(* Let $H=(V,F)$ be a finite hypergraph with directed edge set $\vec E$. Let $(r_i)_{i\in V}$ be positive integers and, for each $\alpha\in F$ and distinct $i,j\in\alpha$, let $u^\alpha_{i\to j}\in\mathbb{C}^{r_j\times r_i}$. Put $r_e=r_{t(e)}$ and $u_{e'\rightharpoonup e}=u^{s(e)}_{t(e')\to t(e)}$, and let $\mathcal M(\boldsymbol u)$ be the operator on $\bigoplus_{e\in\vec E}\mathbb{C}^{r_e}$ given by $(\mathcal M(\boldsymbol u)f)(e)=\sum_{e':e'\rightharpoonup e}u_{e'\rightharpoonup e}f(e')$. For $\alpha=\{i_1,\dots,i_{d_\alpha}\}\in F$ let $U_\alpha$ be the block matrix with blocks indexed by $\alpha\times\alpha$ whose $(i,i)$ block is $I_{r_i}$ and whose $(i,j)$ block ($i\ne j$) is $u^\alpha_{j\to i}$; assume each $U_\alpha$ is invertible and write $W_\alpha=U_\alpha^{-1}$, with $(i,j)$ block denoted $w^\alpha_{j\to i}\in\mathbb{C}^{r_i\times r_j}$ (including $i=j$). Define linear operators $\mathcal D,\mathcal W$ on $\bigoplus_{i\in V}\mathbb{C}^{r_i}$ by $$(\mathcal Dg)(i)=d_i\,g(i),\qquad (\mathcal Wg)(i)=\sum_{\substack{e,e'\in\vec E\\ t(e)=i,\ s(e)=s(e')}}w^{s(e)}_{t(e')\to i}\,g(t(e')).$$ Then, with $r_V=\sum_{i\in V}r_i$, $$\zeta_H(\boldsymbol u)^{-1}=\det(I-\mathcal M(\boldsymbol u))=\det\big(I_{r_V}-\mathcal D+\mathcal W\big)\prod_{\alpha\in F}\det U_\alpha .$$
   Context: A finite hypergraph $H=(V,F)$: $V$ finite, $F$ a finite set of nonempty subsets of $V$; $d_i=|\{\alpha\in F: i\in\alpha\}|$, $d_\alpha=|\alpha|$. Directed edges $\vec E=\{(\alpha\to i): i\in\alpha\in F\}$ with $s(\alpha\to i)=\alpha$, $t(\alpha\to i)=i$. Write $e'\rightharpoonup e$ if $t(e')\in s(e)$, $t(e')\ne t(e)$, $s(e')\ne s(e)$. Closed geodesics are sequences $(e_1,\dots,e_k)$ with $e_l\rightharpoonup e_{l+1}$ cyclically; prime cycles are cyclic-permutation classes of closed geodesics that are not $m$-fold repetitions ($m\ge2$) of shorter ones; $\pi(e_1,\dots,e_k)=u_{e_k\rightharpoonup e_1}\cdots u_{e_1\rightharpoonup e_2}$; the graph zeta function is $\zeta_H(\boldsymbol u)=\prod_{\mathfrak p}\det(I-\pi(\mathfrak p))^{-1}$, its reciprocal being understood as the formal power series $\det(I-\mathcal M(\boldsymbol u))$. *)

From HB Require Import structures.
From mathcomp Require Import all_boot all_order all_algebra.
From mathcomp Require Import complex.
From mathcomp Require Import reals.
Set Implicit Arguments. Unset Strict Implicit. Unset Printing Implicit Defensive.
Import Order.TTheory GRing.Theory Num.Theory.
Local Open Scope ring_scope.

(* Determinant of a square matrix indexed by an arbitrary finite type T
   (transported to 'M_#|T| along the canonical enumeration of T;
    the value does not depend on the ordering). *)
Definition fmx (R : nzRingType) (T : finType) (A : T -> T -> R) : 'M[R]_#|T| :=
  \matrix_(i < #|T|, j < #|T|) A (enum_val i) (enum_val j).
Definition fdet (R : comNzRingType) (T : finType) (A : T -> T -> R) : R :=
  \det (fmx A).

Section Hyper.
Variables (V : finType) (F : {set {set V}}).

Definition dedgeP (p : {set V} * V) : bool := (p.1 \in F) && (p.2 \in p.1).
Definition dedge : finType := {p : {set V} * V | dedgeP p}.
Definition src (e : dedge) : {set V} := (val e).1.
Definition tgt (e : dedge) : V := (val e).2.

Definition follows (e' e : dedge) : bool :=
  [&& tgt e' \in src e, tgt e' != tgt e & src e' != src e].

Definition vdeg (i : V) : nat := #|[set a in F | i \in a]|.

Work to complete
Each line from the one containing "Local Open Scope ring_scope." through the last line of the entries is to be copied exactly, with no other lines added.

Response to this task
Local Open Scope ring_scope.

(* Determinant of a square matrix indexed by an arbitrary finite type T
   (transported to 'M_#|T| along the canonical enumeration of T;
    the value does not depend on the ordering). *)
Definition fmx (R : nzRingType) (T : finType) (A : T -> T -> R) : 'M[R]_#|T| :=
  \matrix_(i < #|T|, j < #|T|) A (enum_val i) (enum_val j).
Definition fdet (R : comNzRingType) (T : finType) (A : T -> T -> R) : R :=
  \det (fmx A).

Section Hyper.
Variables (V : finType) (F : {set {set V}}).

Definition dedgeP (p : {set V} * V) : bool := (p.1 \in F) && (p.2 \in p.1).
Definition dedge : finType := {p : {set V} * V | dedgeP p}.
Definition src (e : dedge) : {set V} := (val e).1.
Definition tgt (e : dedge) : V := (val e).2.

Definition follows (e' e : dedge) : bool :=
  [&& tgt e' \in src e, tgt e' != tgt e & src e' != src e].

Definition vdeg (i : V) : nat := #|[set a in F | i \in a]|.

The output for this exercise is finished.